Entries taken from a collection
------------
(* If there is a $P$-counting module of data order $K$, then there is a $(\lambda n.\,2^{P(n)})$-counting module of data order $K+1$.
   Context: Types are built from a finite set $\mathcal{S}$ of sorts (containing $\mathsf{bool}$ and $\mathsf{list}$) by $\sigma ::= \iota \mid \sigma \times \tau \mid \sigma \Rightarrow \tau$. Type order: $\mathrm{ord}(\iota)=0$ for sorts, $\mathrm{ord}(\sigma\times\tau)=\max(\mathrm{ord}(\sigma),\mathrm{ord}(\tau))$, $\mathrm{ord}(\sigma\Rightarrow\tau)=\max(\mathrm{ord}(\sigma)+1,\mathrm{ord}(\tau))$. Constructors include $\mathsf{true},\mathsf{false}:\mathsf{bool}$, $[]:\mathsf{list}$ and infix $::\ :\mathsf{bool}\Rightarrow\mathsf{list}\Rightarrow\mathsf{list}$; constructors take arguments of order-$0$ types and return a sort. Syntax. Patterns: $\ell ::= x \mid c\,\ell_1\cdots\ell_m$ ($c$ a constructor). Expressions: $s ::= x \mid c \mid f \mid \mathsf{if}\ s_1\ \mathsf{then}\ s_2\ \mathsf{else}\ s_3 \mid \mathsf{choose}\ s_1\cdots s_n \mid (s,t) \mid s\,t$ ($f$ a defined symbol). Clauses have the form $f\,\ell_1\cdots\ell_k = s$; each lhs variable occurs once, rhs variables occur in the lhs, both sides are simply typed with a common type under some type environment $\Gamma$ for the lhs variables, constructors are fully applied, and all clauses for $f$ have the same number $\mathrm{arity}(f)$ of arguments. Sub-expressions: $s \unrhd t$ iff $s = t$ or $s \rhd t$, where $(s_1,s_2)\rhd t$, $\mathsf{if}\ s_1\ \mathsf{then}\ s_2\ \mathsf{else}\ s_3 \rhd t$ and $\mathsf{choose}\ s_1\cdots s_n\rhd t$ hold if $s_i \unrhd t$ for some $i$, and $s_1\,s_2 \rhd t$ holds if $s_1 \rhd t$ or $s_2 \unrhd t$. A clause $f\,\ell_1\cdots\ell_k=s$ is cons-free if every $t$ with $s\unrhd t$ of the form $c\,s_1\cdots s_m$ with $c$ a constructor is a data expression or satisfies $\ell_i\unrhd t$ for some $i$. A list of clauses has data order $K$ if all clauses can be typed with environments assigning every variable a type of order $\le K$. Semantics. Data expressions $d ::= c\,d_1\cdots d_m \mid (d,d')$; values $v ::= d \mid (v,w) \mid f\,v_1\cdots v_n$ with $n<\mathrm{arity}(f)$. For a list of clauses $p$, judgements $p,\gamma\vdash s\to w$ and $p\vdash^{\mathrm{call}} f\,v_1\cdots v_n\to w$ are derived by: $p,\gamma\vdash x\to\gamma(x)$; $p,\gamma\vdash f\to w$ if $p\vdash^{\mathrm{call}} f\to w$; $p,\gamma\vdash c\,s_1\cdots s_m\to c\,b_1\cdots b_m$ if $p,\gamma\vdash s_i\to b_i$; $p,\gamma\vdash(s,t)\to(v,w)$ if $s\to v$, $t\to w$; $p,\gamma\vdash\mathsf{choose}\ s_1\cdots s_n\to w$ if $p,\gamma\vdash s_i\to w$ for some $i$; $p,\gamma\vdash\mathsf{if}\ s_1\ \mathsf{then}\ s_2\ \mathsf{else}\ s_3\to w$ if $s_1\to\mathsf{true}$ and $s_2\to w$, or $s_1\to\mathsf{false}$ and $s_3\to w$; $p,\gamma\vdash s\,t\to w$ if $s\to f\,v_1\cdots v_n$, $t\to v_{n+1}$ and $p\vdash^{\mathrm{call}} f\,v_1\cdots v_{n+1}\to w$; $p\vdash^{\mathrm{call}} f\,v_1\cdots v_n\to f\,v_1\cdots v_n$ if $n<\mathrm{arity}(f)$; $p\vdash^{\mathrm{call}} f\,v_1\cdots v_k\to w$ if $p,\gamma\vdash s\to w$ where $f\,\ell_1\cdots\ell_k=s$ is the first clause of $p$ with $v_i=\ell_i\gamma$ for all $i$ for some $\gamma$ on the lhs variables. Counting modules. For $P:\mathbb{N}\to\mathbb{N}\setminus\{0\}$, a $P$-counting module is a tuple $(\alpha_\pi,\mathcal{D}_\pi,\mathcal{A}_\pi,[\![\cdot]\!]_\pi,p_\pi)$ where: $\alpha_\pi$ is a type; $\mathcal{D}_\pi$ is a set of fresh defined symbols containing $\mathsf{seed}_\pi:\mathsf{list}\Rightarrow\alpha_\pi$, $\mathsf{pred}_\pi:\mathsf{list}\Rightarrow\alpha_\pi\Rightarrow\alpha_\pi$, $\mathsf{zero}_\pi:\mathsf{list}\Rightarrow\alpha_\pi\Rightarrow\mathsf{bool}$; for each $n\in\mathbb{N}$, $\mathcal{A}^n_\pi$ is a set of values of type $\alpha_\pi$ built over the constructors and $\mathcal{D}_\pi$ and $[\![\cdot]\!]^n_\pi:\mathcal{A}^n_\pi\to\mathbb{N}$ is total; and $p_\pi$ is a list of cons-free clauses on the symbols of $\mathcal{D}_\pi$ such that for every boolean list $cs$ of length $n$: there is a unique value $v$ with $p_\pi\vdash^{\mathrm{call}}\mathsf{seed}_\pi\,cs\to v$, and it satisfies $v\in\mathcal{A}^n_\pi$, $[\![v]\!]^n_\pi=P(n)-1$; if $v\in\mathcal{A}^n_\pi$ with $[\![v]\!]^n_\pi=i>0$, there is a unique $w$ with $p_\pi\vdash^{\mathrm{call}}\mathsf{pred}_\pi\,cs\,v\to w$, and $w\in\mathcal{A}^n_\pi$, $[\![w]\!]^n_\pi=i-1$; and for $v\in\mathcal{A}^n_\pi$ with $[\![v]\!]^n_\pi=i$, $p_\pi\vdash^{\mathrm{call}}\mathsf{zero}_\pi\,cs\,v\to\mathsf{true}$ iff $i=0$, and $p_\pi\vdash^{\mathrm{call}}\mathsf{zero}_\pi\,cs\,v\to\mathsf{false}$ iff $i>0$. The module has data order $K$ if $p_\pi$ has data order $K$. *)

From Stdlib Require Import List Arith Lia.
Import ListNotations.
Set Implicit Arguments.

Inductive ty (S : Type) : Type :=
| TSort : S -> ty S
| TProd : ty S -> ty S -> ty S
| TArr  : ty S -> ty S -> ty S.
Arguments TSort {S}. Arguments TProd {S}. Arguments TArr {S}.

Fixpoint ord {T} (t : ty T) : nat :=
  match t with
  | TSort _ => 0
  | TProd a b => Nat.max (ord a) (ord b)
  | TArr a b => Nat.max (Datatypes.S (ord a)) (ord b)
  end.

Record signature := Signature {
  sort : Type;
  sort_finite : exists l : list sort, forall s, In s l;
  sbool : sort;
  slist : sort;
  sbool_slist : sbool <> slist;
  con : Type;
  con_args : con -> list (ty sort);
  con_res  : con -> sort;
  con_args_ord0 : forall c t, In t (con_args c) -> ord t = 0;
  ctrue : con; cfalse : con; cnil : con; ccons : con;
  ctrue_ty  : con_args ctrue = [] /\ con_res ctrue = sbool;
  cfalse_ty : con_args cfalse = [] /\ con_res cfalse = sbool;
  cnil_ty   : con_args cnil = [] /\ con_res cnil = slist;
  ccons_ty  : con_args ccons = [TSort sbool; TSort slist] /\ con_res ccons = slist;
  ctrue_cfalse : ctrue <> cfalse;
  cnil_ccons : cnil <> ccons
}.
Arguments con_args {s} c.
Arguments con_res {s} c.

Section Lang.
Variable Sg : signature.

Notation ty' := (ty (sort Sg)).
Definition tbool : ty' := TSort (sbool Sg).
Definition tlist : ty' := TSort (slist Sg).

(* Defined symbols: an unbounded supply of names for every type;
   a symbol carries its (simple) type. *)
Record fsym := FSym { fname : nat; fty : ty' }.

Inductive pat : Type :=
| PVar : nat -> pat
| PCons : con Sg -> list pat -> pat.

(* Constructor applications are represented fully applied (ECons). *)
Inductive expr : Type :=
| EVar : nat -> expr
| ECons : con Sg -> list expr -> expr
| EFun : fsym -> expr
| EIf : expr -> expr -> expr -> expr
| EChoose : list expr -> expr
| EPair : expr -> expr -> expr
| EApp : expr -> expr -> expr.

Fixpoint pat2expr (l : pat) : expr :=
  match l with
  | PVar x => EVar x
  | PCons c ls => ECons c (map pat2expr ls)
  end.

Fixpoint pat_vars (l : pat) : list nat :=
  match l with
  | PVar x => [x]
  | PCons c ls => flat_map pat_vars ls
  end.

Inductive var_in : nat -> expr -> Prop :=
| VI_var x : var_in x (EVar x)
| VI_cons x c es e : In e es -> var_in x e -> var_in x (ECons c es)
| VI_if1 x a b c : var_in x a -> var_in x (EIf a b c)
| VI_if2 x a b c : var_in x b -> var_in x (EIf a b c)
| VI_if3 x a b c : var_in x c -> var_in x (EIf a b c)
| VI_choose x es e : In e es -> var_in x e -> var_in x (EChoose es)
| VI_pair1 x a b : var_in x a -> var_in x (EPair a b)
| VI_pair2 x a b : var_in x b -> var_in x (EPair a b)
| VI_app1 x a b : var_in x a -> var_in x (EApp a b)
| VI_app2 x a b : var_in x b -> var_in x (EApp a b).

Inductive sym_in : fsym -> expr -> Prop :=
| SI_fun f : sym_in f (EFun f)
| SI_cons f c es e : In e es -> sym_in f e -> sym_in f (ECons c es)
| SI_if1 f a b c : sym_in f a -> sym_in f (EIf a b c)
| SI_if2 f a b c : sym_in f b -> sym_in f (EIf a b c)
| SI_if3 f a b c : sym_in f c -> sym_in f (EIf a b c)
| SI_choose f es e : In e es -> sym_in f e -> sym_in f (EChoose es)
| SI_pair1 f a b : sym_in f a -> sym_in f (EPair a b)
| SI_pair2 f a b : sym_in f b -> sym_in f (EPair a b)
| SI_app1 f a b : sym_in f a -> sym_in f (EApp a b)
| SI_app2 f a b : sym_in f b -> sym_in f (EApp a b).

(* Strict sub-expression relation  s |> t  (constructor applications
   c s1 .. sm are curried applications, so c s1..sm |> t iff some si |>= t). *)
Inductive subs : expr -> expr -> Prop :=
| SB_pair1 a b t : a = t \/ subs a t -> subs (EPair a b) t
| SB_pair2 a b t : b = t \/ subs b t -> subs (EPair a b) t
| SB_if1 a b c t : a = t \/ subs a t -> subs (EIf a b c) t
| SB_if2 a b c t : b = t \/ subs b t -> subs (EIf a b c) t
| SB_if3 a b c t : c = t \/ subs c t -> subs (EIf a b c) t
| SB_choose es e t : In e es -> e = t \/ subs e t -> subs (EChoose es) t
| SB_app1 a b t : subs a t -> subs (EApp a b) t
| SB_app2 a b t : b = t \/ subs b t -> subs (EApp a b) t
| SB_cons c es e t : In e es -> e = t \/ subs e t -> subs (ECons c es) t.

Definition sube (s t : expr) : Prop := s = t \/ subs s t.

Inductive is_data_expr : expr -> Prop :=
| DE_cons c es : Forall is_data_expr es -> is_data_expr (ECons c es)
| DE_pair a b : is_data_expr a -> is_data_expr b -> is_data_expr (EPair a b).

Definition tenv := nat -> ty'.

Inductive has_type (G : tenv) : expr -> ty' -> Prop :=
| T_var x : has_type G (EVar x) (G x)
| T_fun f : has_type G (EFun f) (fty f)
| T_cons (c : con Sg) es : Forall2 (has_type G) es (con_args c) ->
    has_type G (ECons c es) (TSort (con_res c))
| T_if a b c t : has_type G a tbool -> has_type G b t -> has_type G c t ->
    has_type G (EIf a b c) t
| T_choose es t : Forall (fun e => has_type G e t) es -> has_type G (EChoose es) t
| T_pair a b s t : has_type G a s -> has_type G b t -> has_type G (EPair a b) (TProd s t)
| T_app a b s t : has_type G a (TArr s t) -> has_type G b s -> has_type G (EApp a b) t.

Record clause := Clause { chead : fsym; cpats : list pat; crhs : expr }.

Definition lhs_expr (cl : clause) : expr :=
  fold_left EApp (map pat2expr (cpats cl)) (EFun (chead cl)).

Definition lhs_vars (cl : clause) : list nat := flat_map pat_vars (cpats cl).

Definition clause_typed (G : tenv) (cl : clause) : Prop :=
  NoDup (lhs_vars cl) /\
  (forall x, var_in x (crhs cl) -> In x (lhs_vars cl)) /\
  exists t, has_type G (lhs_expr cl) t /\ has_type G (crhs cl) t.

Definition clause_wf (cl : clause) : Prop := exists G, clause_typed G cl.

Definition cons_free_clause (cl : clause) : Prop :=
  forall t c es, sube (crhs cl) t -> t = ECons c es ->
    is_data_expr t \/ exists l, In l (cpats cl) /\ sube (pat2expr l) t.

Definition program := list clause.

Definition program_wf (p : program) : Prop :=
  (forall cl, In cl p -> clause_wf cl) /\
  (forall cl1 cl2, In cl1 p -> In cl2 p -> chead cl1 = chead cl2 ->
     length (cpats cl1) = length (cpats cl2)).

Definition cons_free (p : program) : Prop :=
  program_wf p /\ forall cl, In cl p -> cons_free_clause cl.

Definition data_order (p : program) (K : nat) : Prop :=
  forall cl, In cl p -> exists G, clause_typed G cl /\
    forall x, In x (lhs_vars cl) -> ord (G x) <= K.

(* "n < arity(f)": some (equivalently, by well-formedness, every)
   clause for f in p has more than n arguments. *)
Definition below_arity (p : program) (f : fsym) (n : nat) : Prop :=
  exists cl, In cl p /\ chead cl = f /\ n < length (cpats cl).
------------
### Work to complete:
All lines of the entries above where "EVar" turns up should be reported.

### Output:
| EVar : nat -> expr
  | PVar x => EVar x
| VI_var x : var_in x (EVar x)
| T_var x : has_type G (EVar x) (G x)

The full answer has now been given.